I am often asked about the time limits of when a claim for further provision from an estate can be made. When considering a claim for further provision from an estate, it is important to act sooner rather than later as an unexplainable delay could mean the court will refuse to hear your claim.

You must be an eligible person

To make a claim for further provision against an estate, you must be an eligible person as defined by the Succession Act 1981 (QLD).

You must give notice to the legal representative of the estate 

Providing you are an eligible person, you must give formal notice of your intention to make a claim for further provision to the executor or administrator of the estate within 6 months from the date of death of the deceased.

Formal notice should be in writing. It is also advisable to request that the executor or administrator acknowledge that they have received your notice.

You must file your claim with the court 

Once you have given notice to the executor or administrator you must file your claim with the appropriate court in Queensland within 9 months from the date of death of the deceased.

It is important that your claim is filed in the appropriate court. The value of the estate will determine which court your claim should be filed with.

Can you make a claim for further provision from an estate if you have missed the time limits?

If you have not complied with the above time limits, it is up to the court as to whether it will accept your claim out of time.

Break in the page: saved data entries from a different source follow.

(** 2-morphisms: (i,j) entry is an R'_ij x R_ij matrix
    (when one of R_ij, R'_ij is 0 this type has a single, empty, element) *)
Definition twomor (R R' : 'M[nat]_n) := forall i j : 'I_n, 'M[CC]_(R' i j, R i j).
Definition vcomp (R R' R'' : 'M[nat]_n) (T' : twomor R' R'') (T : twomor R R')
  : twomor R R'' := fun i j => T' i j *m T i j.
Definition id2 (R : 'M[nat]_n) : twomor R R := fun i j => 1%:M.
Definition iso2 (R R' : 'M[nat]_n) (T : twomor R R') : Prop :=
  exists T' : twomor R' R, vcomp T' T = id2 R /\ vcomp T T' = id2 R'.
Definition inv2 (R R' : 'M[nat]_n) (T : twomor R R') : twomor R' R :=
  epsilon (inhabits (fun i j => 0))
    (fun T' : twomor R' R => vcomp T' T = id2 R /\ vcomp T T' = id2 R').
(* the "identity" 2-morphism between two 1-morphisms with equal matrices
   (entries are identity matrices; well typed even before rewriting R = R') *)
Definition idmor (R R' : 'M[nat]_n) : twomor R R' :=
  fun i j => \matrix_(r, c) ((nat_of_ord r == nat_of_ord c)%:R : CC).

Lemma Rapp_nmul (Rt R : 'M[nat]_n) a k :
  Rapp Rt (Rapp R a) k = Rapp (nmul Rt R) a k.
Proof.
rewrite /Rapp; under [RHS]eq_bigr do rewrite mxE big_distrl /=.
rewrite exchange_big /=; apply: eq_bigr => i _.
by rewrite big_distrr /=; apply: eq_bigr => j _; rewrite mulnA.
Qed.

Lemma Rapp_evec (R : 'M[nat]_n) j i : Rapp R (evec j) i = R i j.
Proof.
rewrite /Rapp (bigD1 j) //= /evec eqxx muln1 big1 ?addn0 // => k /negPf ->.
by rewrite muln0.
Qed.

Lemma sum_gauge_inv (Rt R : 'M[nat]_n) a k :
  (\sum_(j < n) Rapp Rt (Rapp R (evec j)) k * a j)%N = Rapp (nmul Rt R) a k.
Proof.
apply: eq_bigr => j _; congr (_ * _)%N; rewrite mxE.
by apply: eq_bigr => i _; rewrite Rapp_evec.
Qed.

Lemma Rapp_nmul_evec (Rt R : 'M[nat]_n) k j :
  Rapp Rt (Rapp R (evec j)) k = nmul Rt R k j.
Proof. by rewrite Rapp_nmul Rapp_evec. Qed.

Lemma sum_nmul (Rt R : 'M[nat]_n) k j :
  (\sum_(i < n) Rt k i * R i j)%N = nmul Rt R k j.
Proof. by rewrite mxE. Qed.

(** composite gauge (st * s)_k(a) =
      st_k(R a) (+)_i (I_{Rt_ki} (x) s_i(a)) P (+)_j (st_k(R e_j)^-1 (x) I_{a_j}).
    The permutation matrix P(Rt_k, R, a) is the identity whenever Rt_k is a
    standard basis vector, which is the case for all composites occurring in
    Equiv(n) (autoequivalences have permutation matrices); it is taken to be
    the identity here. *)
Definition gcomp (Rt R : 'M[nat]_n) (st : gaugeT Rt) (s : gaugeT R)
  : gaugeT (nmul Rt R) := fun k a =>
  castmx (Rapp_nmul Rt R a k, Rapp_nmul Rt R a k)
    (st k (Rapp R a) *m \mxdiag_(i < n) ((1%:M : 'M[CC]_(Rt k i)) *t s i a))
  *m 1%:M
  *m castmx (sum_gauge_inv Rt R a k, sum_gauge_inv Rt R a k)
    (\mxdiag_(j < n) (invmx (st k (Rapp R (evec j))) *t (1%:M : 'M[CC]_(a j)))).

Definition comp1 (y x : mor1) : mor1 := Mor1 (gcomp (gau y) (gau x)).
Definition id1 : mor1 := Mor1 (triv_gauge nid).

Definition mxget (p q : nat) (M : 'M[CC]_(p, q)) (r c : nat) : CC :=
  match insub r, insub c with Some r', Some c' => M r' c' | _, _ => 0 end.
Definition bdiag (m : nat) (p_ q_ : 'I_m -> nat)
  (B : forall i, 'M[CC]_(p_ i, q_ i)) : 'M[CC]_((\sum_i p_ i)%N, (\sum_i q_ i)%N) :=
  mxblock (fun i i' => \matrix_(r, c) if i == i' then mxget (B i) r c else 0).

(** horizontal composition
    (Tt o T)_kj = st'_k(R' e_j) ((+)_i Tt_ki (x) T_ij) st_k(R e_j)^-1 *)
Definition hcomp (yt yt' x x' : mor1)
  (Tt : twomor (mat yt) (mat yt')) (T : twomor (mat x) (mat x'))
  : twomor (mat (comp1 yt x)) (mat (comp1 yt' x')) := fun k j =>
  castmx (Rapp_nmul_evec (mat yt') (mat x') k j, Rapp_nmul_evec (mat yt') (mat x') k j)
    (gau yt' k (Rapp (mat x') (evec j)))
  *m castmx (sum_nmul (mat yt') (mat x') k j, sum_nmul (mat yt) (mat x) k j)
    (bdiag (fun i => Tt k i *t T i j))
  *m castmx (Rapp_nmul_evec (mat yt) (mat x) k j, Rapp_nmul_evec (mat yt) (mat x) k j)
    (invmx (gau yt k (Rapp (mat x) (evec j)))).
Arguments hcomp : clear implicits.

(** autoequivalences of n: there is (R',s') and invertible 2-morphisms
    (R',s') o (R,s) => id and (R,s) o (R',s') => id (the hom-sets of
    2-morphisms only depend on the matrices, here R'R, RR' and I_n). *)
Definition is_equiv1 (R : 'M[nat]_n) : Prop :=
  exists R' : 'M[nat]_n, (exists s' : gaugeT R', is_gauge s') /\
    (exists T : twomor (nmul R' R) nid, iso2 T) /\
    (exists T : twomor (nmul R R') nid, iso2 T).

Definition isObj (x : mor1) : Prop := is_gauge (gau x) /\ is_equiv1 (mat x).

Definition assocE (x y z : mor1) :
  twomor (mat (comp1 (comp1 x y) z)) (mat (comp1 x (comp1 y z))) := idmor _ _.
Definition lunitE (x : mor1) : twomor (mat (comp1 id1 x)) (mat x) := idmor _ _.
Definition lunitE_inv (x : mor1) : twomor (mat x) (mat (comp1 id1 x)) := idmor _ _.
Definition runitE (x : mor1) : twomor (mat (comp1 x id1)) (mat x) := idmor _ _.
Definition runitE_inv (x : mor1) : twomor (mat x) (mat (comp1 x id1)) := idmor _ _.

Definition gammaA (x : mor1) (u : twomor (mat id1) (mat id1)) : twomor (mat x) (mat x) :=
  vcomp (lunitE x) (vcomp (hcomp id1 id1 x x u (id2 (mat x))) (lunitE_inv x)).
Definition deltaA (x : mor1) (u : twomor (mat id1) (mat id1)) : twomor (mat x) (mat x) :=
  vcomp (runitE x) (vcomp (hcomp x x id1 id1 (id2 (mat x)) u) (runitE_inv x)).

(** S_n with the composition of the paper: (s t)(j) = s (t j)
    (MathComp's product of permutations is (s * t) j = t (s j)) *)
Definition pmul (s t : 'S_n) : 'S_n := (t * s)%g.
Definition sact (s : 'S_n) (l : 'I_n -> CC) : 'I_n -> CC := fun i => l ((s^-1)%g i).

(** the cocycle attached to a choice of representatives A_s and of
    isomorphisms phi_{s,t} : A_s (x) A_t -> A_{st}, as an automorphism of
    A_{x(yz)}:
    phi_{x,yz} (1 (x) phi_{y,z}) a (phi_{x,y} (x) 1)^-1 phi_{xy,z}^-1 *)
Definition sinh_loop (A : 'S_n -> mor1)
  (phi : forall s t, twomor (mat (comp1 (A s) (A t))) (mat (A (pmul s t))))
  (x y z : 'S_n) : twomor (mat (A (pmul x (pmul y z)))) (mat (A (pmul x (pmul y z)))) :=
  vcomp (phi x (pmul y z))
  (vcomp (hcomp (A x) (A x) (comp1 (A y) (A z)) (A (pmul y z)) (id2 _) (phi y z))
  (vcomp (assocE (A x) (A y) (A z))
  (vcomp (inv2 (hcomp (comp1 (A x) (A y)) (A (pmul x y)) (A z) (A z) (phi x y) (id2 _)))
  (vcomp (inv2 (phi (pmul x y) z))
         (idmor (mat (A (pmul x (pmul y z)))) (mat (A (pmul (pmul x y) z)))))))).

Definition cobound (h : 'S_n -> 'S_n -> 'I_n -> CC) (x y z : 'S_n) : 'I_n -> CC :=
  fun i => sact x (h y z) i * (h (pmul x y) z i)^-1 * h x (pmul y z) i * (h x y i)^-1.

Definition EObj (s : 'S_n) : mor1 := Mor1 (triv_gauge (Pmat s)).
(* image of a morphism (s,l) (more generally of the identity morphism s -> t,
   s = t, scaled by l): the (s(j), j) entry is the 1x1 matrix l_{s(j)},
   all other entries are empty *)
Definition Emor (s t : 'S_n) (l : 'I_n -> CC) : twomor (Pmat s) (Pmat t) :=
  fun i j => l i *: \matrix_(r, c) ((nat_of_ord r == nat_of_ord c)%:R : CC).
Definition E2 (s t : 'S_n) : twomor (mat (comp1 (EObj s) (EObj t))) (Pmat (pmul s t)) :=
  idmor _ _.
Definition E0 : twomor (mat id1) (Pmat 1%g) := idmor _ _.

Definition nonzero (l : 'I_n -> CC) : Prop := forall i, l i != 0.

End TwoMat.

Arguments E0 n : clear implicits.
Arguments hcomp {n} yt yt' x x' Tt T _ _.

From HB Require Import structures.
From mathcomp Require Import all_boot all_order all_algebra all_fingroup.
From mathcomp Require Import complex mxtens Rstruct zify ring.
From Stdlib Require Import FunctionalExtensionality ClassicalEpsilon.

Set Implicit Arguments.
Unset Strict Implicit.
Unset Printing Implicit Defensive.

Import GRing.Theory.
Local Open Scope ring_scope.

(* A matrix over N with an inverse over N has a single entry 1 in each column, so the
   autoequivalences of [n] are the 1-morphisms with a permutation matrix.  A 2-morphism
   between two of them is an array of 1x1 blocks supported on the permutation, i.e. one
   complex scalar per column, and normalized gauges contribute only factors 1 on these
   blocks.  Vertical composition multiplies the scalars column by column, horizontal
   composition multiplies the two scalars met along the composite permutation, and every
   claim becomes an identity between products of nonzero complex numbers: the unitors
   produce the permutation action of S_n on (C^* )^n, and the loop defining Sinh's
   invariant has the coboundary of the scalars of the structure 2-cells as its scalars. *)

Lemma castmx_scalar (R : pzRingType) p p' (e : (p = p') * (p = p')) (a : R) :
  castmx e a%:M = a%:M.
Proof. by case: e => e1 e2; subst; rewrite castmx_id. Qed.

Lemma tensmx11 (R : pzRingType) p q : (1%:M : 'M[R]_p) *t (1%:M : 'M[R]_q) = 1%:M.
Proof.
apply/matrixP => i j.
case: (mxtens_indexP i) => i0 i1; case: (mxtens_indexP j) => j0 j1.
rewrite tensmxE !mxE (inj_eq (can_inj (@mxtens_indexK _ _))) xpair_eqE.
by case: (i0 == j0); case: (i1 == j1); rewrite /= ?mulr1 ?mul1r ?mulr0.
Qed.

(** * Entries of matrices of size at most 1 *)

Lemma mxgetE p q (M : 'M[CC]_(p, q)) (i : 'I_p) (j : 'I_q) : mxget M i j = M i j.
Proof. by rewrite /mxget !valK. Qed.

Lemma mxget0 p q (M : 'M[CC]_(p.+1, q.+1)) : mxget M 0 0 = M ord0 ord0.
Proof. exact: (mxgetE M ord0 ord0). Qed.

Lemma mxget_empty p q (M : 'M[CC]_(p, q)) : (p = 0)%N \/ (q = 0)%N -> mxget M 0 0 = 0.
Proof.
rewrite /mxget; case=> h; first by rewrite insubN ?h.
by case: (insub 0%N) => // r; rewrite insubN ?h.
Qed.

Lemma mx_le1_eq p q (M N : 'M[CC]_(p, q)) : (p <= 1)%N -> (q <= 1)%N ->
  ((0 < p)%N -> (0 < q)%N -> mxget M 0 0 = mxget N 0 0) -> M = N.
Proof.
move=> hp hq eMN; apply/matrixP=> i j.
have i0 : nat_of_ord i = 0%N by move: (ltn_ord i); case: (nat_of_ord i) => //= k; lia.
have j0 : nat_of_ord j = 0%N by move: (ltn_ord j); case: (nat_of_ord j) => //= k; lia.
have p0 : (0 < p)%N by move: (ltn_ord i); lia.
have q0 : (0 < q)%N by move: (ltn_ord j); lia.
by rewrite -(mxgetE M) -(mxgetE N) i0 j0 eMN.
Qed.
Definition disutility (v : R -> R) (M : R) : Prop :=
  {within `[0, M[, continuous v} /\
  (forall s, 0 < s < M -> derivable v s 1 /\ derivable (derive1 v) s 1) /\
  (forall s, 0 < s < M -> {for s, continuous (derive1 (derive1 v))}) /\
  (exists l : R, derive1 (derive1 v) x @[x --> 0^'+] --> l) /\
  (forall x y, 0 <= x -> x < y -> y < M -> v x < v y) /\
  (forall x y t, 0 <= x -> x < y -> y < M -> 0 < t < 1 ->
     v (t * x + (1 - t) * y) < t * v x + (1 - t) * v y) /\
  (derive1 v x @[x --> 0^'+] --> 0) /\
  (derive1 v x @[x --> M^'-] --> +oo).

Definition Iinv (v : R -> R) (M : R) (y : R) : R :=
  xget 0 [set s : R | 0 <= s < M /\ dv v s = y].

(* extension of I to [0, +oo] by I(+oo) := M = lim_{y -> oo} I(y) *)
Definition Ibar (v : R -> R) (M : R) (z : \bar R) : R :=
  match z with
  | r%:E => Iinv v M r
  | +oo%E => M
  | -oo%E => 0
  end.

Variables (X : 'I_n -> T -> R) (v : 'I_n -> R -> R).

Definition Mx (i : 'I_n) : R := maxrv (X i).
Definition Ssum (t : T) : R := \sum_(i < n) X i t.
Definition I_ (i : 'I_n) : \bar R -> R := Ibar (v i) (Mx i).

(* J = phi_1(alpha), as a graph relation (J : A -> [0, +oo]) *)
Definition phi1_graph (alpha : 'I_n -> R) (J : R -> \bar R) : Prop :=
  ((forall i, 0 < alpha i) ->
     forall s, 0 <= s <= \sum_(i < n) Mx i ->
       (0 <= J s)%E /\ \sum_(i < n) I_ i (J s * ((alpha i)^-1)%:E)%E = s) /\
  (~ (forall i, 0 < alpha i) ->
     forall s, 0 <= s <= \sum_(i < n) Mx i -> J s = 0%E).

Definition expect_eq (J : R -> \bar R) (i : 'I_n) (c : R) : Prop :=
  (\int[P]_t (I_ i (J (Ssum t) * (c^-1)%:E)%E)%:E = \int[P]_t (X i t)%:E)%E.
Lemma eval_list_values l k r :
  Forall (fun v => is_value v = true) l -> eval_list l k r -> k = 0 /\ r = Some l.
Proof.
  intros Hl. revert k r. induction Hl as [|v l Hv Hl IH]; intros k r He; inversion He; subst.
  - auto.
  - match goal with H : eval v _ _ |- _ => apply (eval_value _ _ _ Hv) in H as [-> [= ->]] end.
    match goal with H : eval_list l _ _ |- _ => apply IH in H as [-> ->] end. auto.
  - match goal with H : eval v _ _ |- _ => apply (eval_value _ _ _ Hv) in H as [_ [=]] end.
Qed.

Definition eval_drops (t t' : tm) : Prop :=
  forall k r, eval t k r -> exists k', k = S k' /\ eval t' k' r.

Lemma eval_list_drops l1 p p' l2 :
  Forall (fun v => is_value v = true) l1 -> eval_drops p p' ->
  forall k r, eval_list (l1 ++ p :: l2) k r -> exists k', k = S k' /\ eval_list (l1 ++ p' :: l2) k' r.
Proof.
  intros Hl1 Hp. induction Hl1 as [|v l1 Hv Hl1 IH]; simpl; intros k r He.
  - inversion He; subst; match goal with H : eval p _ _ |- _ => apply Hp in H as [k' [-> Hk']] end.
    + eexists. split; [|econstructor; eauto]. lia.
    + exists k'. split; auto. apply eval_list_stuck; auto.
  - inversion He; subst.
    + match goal with H : eval v _ _ |- _ => apply (eval_value _ _ _ Hv) in H as [-> [= ->]] end.
      match goal with H : eval_list _ _ _ |- _ => apply IH in H as [k' [-> Hk']] end.
      exists k'. split; auto. apply (eval_list_cons _ _ 0); auto. apply eval_val; auto.
    + match goal with H : eval v _ _ |- _ => apply (eval_value _ _ _ Hv) in H as [_ [=]] end.
Qed.

Lemma eval_drops_app l1 p p' l2 :
  Forall (fun v => is_value v = true) l1 -> eval_drops p p' ->
  eval_drops (tApp (l1 ++ p :: l2)) (tApp (l1 ++ p' :: l2)).
Proof.
  intros Hl1 Hp k r He. inversion He; subst; [discriminate| |];
    match goal with H : eval_list _ _ _ |- _ =>
      destruct (eval_list_drops _ _ _ _ Hl1 Hp _ _ H) as [k' [-> Hk']] end.
  - eexists. split; [|econstructor; eauto]. lia.
  - exists k'. split; auto. apply eval_app_stuck; auto.
Qed.

Lemma mk_app_long l : 2 <= length l -> mk_app l = tApp l.
Proof. destruct l as [|a [|b l]]; simpl; intros; try lia; auto. Qed.

Lemma eval_drops_plug C t t' :
  values_left C -> eval_drops t t' -> eval_drops (plug_tm C t) (plug_tm C t').
Proof.
  induction C as [|vs C IH ts]; simpl; auto. intros [Hvs HC] Ht.
  specialize (IH HC Ht).
  destruct vs as [|v vs]; [destruct ts as [|u ts]|].
  - exact IH.
  - rewrite !mk_app_long by (simpl; lia). apply (eval_drops_app []); auto.
  - rewrite !mk_app_long by (simpl; rewrite length_app; simpl; lia). apply eval_drops_app; auto.
Qed.

Lemma eval_drops_beta n b args :
  Forall (fun v => is_value v = true) args -> length args = n ->
  eval_drops (tApp (tLam n b :: args)) (subst (args_subst args) b).
Proof.
  intros Hargs Hn k r He.
  assert (Hl : Forall (fun v => is_value v = true) (tLam n b :: args)) by (constructor; auto).
  inversion He; subst; [discriminate| |];
    match goal with H : eval_list _ _ _ |- _ => apply (eval_list_values _ _ _ Hl) in H as [-> E] end.
  - injection E as E; subst.
    match goal with H : eval_apply _ _ _ |- _ => inversion H; subst end.
    + eexists. eauto.
    + exfalso. match goal with H : forall n b args, _ |- _ => eapply H; eauto end.
  - discriminate.
Qed.

Lemma tm_step_eval_drops t t' : tm_step t t' -> eval_drops t t'.
Proof. intros []. apply eval_drops_plug; auto. apply eval_drops_beta; auto. Qed.

Lemma eval_no_infinite_tm_steps t k r : eval t k r ->
  ~ (exists f : nat -> tm, f 0 = t /\ forall n, tm_step (f n) (f (S n))).
Proof.
  revert t r. induction k as [k IH] using lt_wf_ind. intros t r He [f [<- Hf]].
  destruct (tm_step_eval_drops _ _ (Hf 0) _ _ He) as [k' [-> Hk']].
  apply (IH k' (Nat.lt_succ_diag_r _) _ _ Hk'). exists (fun n => f (S n)). auto.
Qed.

(** * Termination of typed terms *)

Definition evaluates_into (P : tm -> Prop) (t : tm) : Prop :=
  exists k r, eval t k r /\
    (r = None \/ exists w, r = Some w /\ is_value w = true /\ P w).

Fixpoint all_rel (P : ty -> tm -> Prop) (As : list ty) (args : list tm) : Prop :=
  match As, args with
  | [], [] => True
  | A :: As, a :: args => is_value a = true /\ P A a /\ all_rel P As args
  | _, _ => False
  end.

(* Free variables and [tStar] belong to every [val_rel A]: applying them only
   gets stuck, which [eval] records as the result [None]. *)
Fixpoint val_rel (A : ty) (v : tm) {struct A} : Prop :=
  match A with
  | TyUnit => True
  | TyArr A1 As B => forall n b, v = tLam n b ->
      forall a1 args, length (a1 :: args) = n ->
      is_value a1 = true -> val_rel A1 a1 -> all_rel val_rel As args ->
      evaluates_into (val_rel B) (subst (args_subst (a1 :: args)) b)
  end.

Definition subst_rel (D : list ty) (s : nat -> tm) : Prop :=
  forall i B, nth_error D i = Some B -> is_value (s i) = true /\ val_rel B (s i).

Lemma all_rel_Forall2 As args :
  all_rel val_rel As args <-> Forall2 (fun A a => is_value a = true /\ val_rel A a) As args.
Proof.
  revert args; induction As as [|A As IH]; intros [|a args]; simpl; split; intros H;
    auto; try tauto; try (inversion H; fail).
  - destruct H as (? & ? & ?). constructor; auto. apply IH; auto.
  - inversion H; subst. rewrite IH. tauto.
Qed.

Lemma val_rel_not_lam A v : (forall n b, v <> tLam n b) -> val_rel A v.
Proof. destruct A; simpl; auto. intros H n b ->. exfalso. eapply H; eauto. Qed.

Lemma Forall2_nth_error_l {A B} (R : A -> B -> Prop) l1 l2 i a :
  Forall2 R l1 l2 -> nth_error l1 i = Some a -> exists b, nth_error l2 i = Some b /\ R a b.
Proof.
  intros H; revert i; induction H; intros [|i] Hi; simpl in *; try discriminate.
  - injection Hi as ->. eauto.
  - eauto.
Qed.

Lemma Forall2_rev {A B} (R : A -> B -> Prop) l1 l2 :
  Forall2 R l1 l2 -> Forall2 R (rev l1) (rev l2).
Proof. induction 1; simpl; auto. apply Forall2_app; auto. Qed.

Lemma subst_rel_args D A1 As a1 args s :
  all_rel val_rel (A1 :: As) (a1 :: args) -> subst_rel D s ->
  subst_rel (rev (A1 :: As) ++ D)
    (fun i => subst (args_subst (a1 :: args)) (up_subst (length (a1 :: args)) s i)).
Proof.
  intros Hargs Hs i B Hi. apply all_rel_Forall2, Forall2_rev in Hargs as Hrev.
  set (n := length (a1 :: args)).
  assert (Hn : length (rev (A1 :: As)) = n)
    by (rewrite length_rev; apply Forall2_length in Hargs; exact Hargs).
  unfold up_subst. destruct (i <? n) eqn:Ei.
  - apply Nat.ltb_lt in Ei. rewrite nth_error_app1 in Hi by lia.
    destruct (Forall2_nth_error_l _ _ _ _ _ Hrev Hi) as [a [Ha HVa]].
    simpl subst. unfold args_subst. erewrite nth_error_nth; eauto.
  - apply Nat.ltb_ge in Ei. rewrite nth_error_app2 in Hi by lia.
    rewrite args_subst_shift. apply Hs. rewrite <- Hi. f_equal. lia.
Qed.

Lemma val_rel_lam D n b A1 As B s :
  n = S (length As) ->
  (forall s', subst_rel (rev (A1 :: As) ++ D) s' -> evaluates_into (val_rel B) (subst s' b)) ->
  subst_rel D s -> val_rel (TyArr A1 As B) (tLam n (subst (up_subst n s) b)).
Proof.
  intros -> Hb Hs n' b' [= <- <-] a1 args Hn Ha1 HVa1 Hargs.
  rewrite subst_subst, <- Hn. apply Hb, subst_rel_args; simpl; auto.
Qed.

Lemma evaluates_into_list ts As :
  Forall2 (fun t A => evaluates_into (val_rel A) t) ts As ->
  exists k rs, eval_list ts k rs /\ (rs = None \/ exists vs, rs = Some vs /\
    Forall2 (fun A a => is_value a = true /\ val_rel A a) As vs).
Proof.
  induction 1 as [|t A ts As [k [r [He [-> | (w & -> & Hw & HVw)]]]] _ IH].
  - exists 0, (Some []). split; [constructor|]. right. eauto.
  - exists k, None. split; auto. apply eval_list_stuck; auto.
  - destruct IH as [k2 [rs [Hl [-> | (vs & -> & Hvs)]]]].
    + exists (k + k2), None. split; auto. exact (eval_list_cons _ _ _ _ _ None He Hl).
    + exists (k + k2), (Some (w :: vs)). split.
      * exact (eval_list_cons _ _ _ _ _ (Some vs) He Hl).
      * right. eauto.
Qed.

Lemma eval_apply_value_rel w vs A1 As B :
  val_rel (TyArr A1 As B) w -> Forall2 (fun A a => is_value a = true /\ val_rel A a) (A1 :: As) vs ->
  exists k r, eval_apply (w :: vs) k r /\
    (r = None \/ exists u, r = Some u /\ is_value u = true /\ val_rel B u).
Proof.
  intros HVw Hvs.
  assert (Hlam : (exists n b, w = tLam n b /\ length vs = n) \/
                 (forall n b args, w :: vs = tLam n b :: args -> length args <> n)).
  { destruct w as [| | |n b|]; try (right; intros; discriminate).
    destruct (Nat.eq_dec (length vs) n) as [<-|Hn]; [left; eauto|right].
    intros n' b' args [= <- <- <-]. exact Hn. }
  destruct Hlam as [(n & b & -> & Hn) | Hstuck].
  - inversion Hvs as [|? a1 ? args [Ha1 HVa1] Hargs]; subst.
    destruct (HVw _ _ eq_refl a1 args eq_refl Ha1 HVa1) as (k & r & He & Hr).
    { apply all_rel_Forall2; auto. }
    exists (S k), r. split; auto. constructor; auto.
  - exists 0, None. split; auto. constructor; auto.
Qed.

Lemma evaluates_into_app f a args A1 As B :
  evaluates_into (val_rel (TyArr A1 As B)) f -> evaluates_into (val_rel A1) a ->
  Forall2 (fun t A => evaluates_into (val_rel A) t) args As ->
  evaluates_into (val_rel B) (tApp (f :: a :: args)).
Proof.
  intros [k [r [Hf [-> | (w & -> & Hw & HVw)]]]] Ha Hargs.
  { exists k, None. split; auto. apply eval_app_stuck, eval_list_stuck; auto. }
  destruct (evaluates_into_list (a :: args) (A1 :: As)) as (k2 & rs & Hl & [-> | (vs & -> & Hvs)]);
    auto.
  { exists (k + k2), None. split; auto.
    exact (eval_app_stuck _ _ (eval_list_cons _ _ _ _ _ None Hf Hl)). }
  destruct (eval_apply_value_rel w vs A1 As B) as (k3 & r3 & Happ & Hr3); auto.
  exists (k + k2 + k3), r3. split; auto.
  exact (eval_app _ _ _ _ _ (eval_list_cons _ _ _ _ _ (Some vs) Hf Hl) Happ).
Qed.

Lemma tm_ty_evaluates_into G :
  (forall D t A, tm_ty G D t A ->
     forall s, subst_rel D s -> evaluates_into (val_rel A) (subst s t)) /\
  (forall D ts As, tm_tys G D ts As ->
     forall s, subst_rel D s -> Forall2 (fun t A => evaluates_into (val_rel A) t) (map (subst s) ts) As).
Proof.
  apply tm_ty_mutind; intros; simpl.
  - exists 0, (Some tStar). split; [constructor; auto|]. right. exists tStar. simpl; auto.
  - exists 0, (Some (tFree x)). split; [constructor; auto|]. right. exists (tFree x).
    repeat split. apply val_rel_not_lam. congruence.
  - destruct (H _ _ e) as [Hv HV]. exists 0, (Some (s i)). split; [constructor; auto|]. right; eauto.
  - exists 0, (Some (tLam n (subst (up_subst n s) b))). split; [constructor; auto|]. right.
    eexists; repeat split. eapply val_rel_lam; eauto.
  - eapply evaluates_into_app; eauto.
  - constructor.
  - constructor; auto.
Qed.

Lemma tm_ty_closed_eval G t A : tm_ty G [] t A -> exists k r, eval t k r.
Proof.
  intros H. destruct (proj1 (tm_ty_evaluates_into G) _ _ _ H tBound) as [k [r [He _]]].
  { intros i B Hi. destruct i; discriminate. }
  rewrite subst_id in He by auto. eauto.
Qed.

The court will consider the following before hearing a claim for further provision out of time:

  • Whether there is an adequate explanation for the delay;
  • Whether there would be any prejudice to the beneficiaries;
  • Whether there has been any unconscionable conduct by the claimant; and
  • The strength of the claimant’s case.

If you are considering making a claim for further provision from an estate it is important to ensure you are complying with the time limits set by the Succession Act 1981 (Qld). It is also important to ensure you are including certain information in your application to the court. If you would like to discuss making a claim for further provision or require assistance with your claim, please do not hesitate to contact me.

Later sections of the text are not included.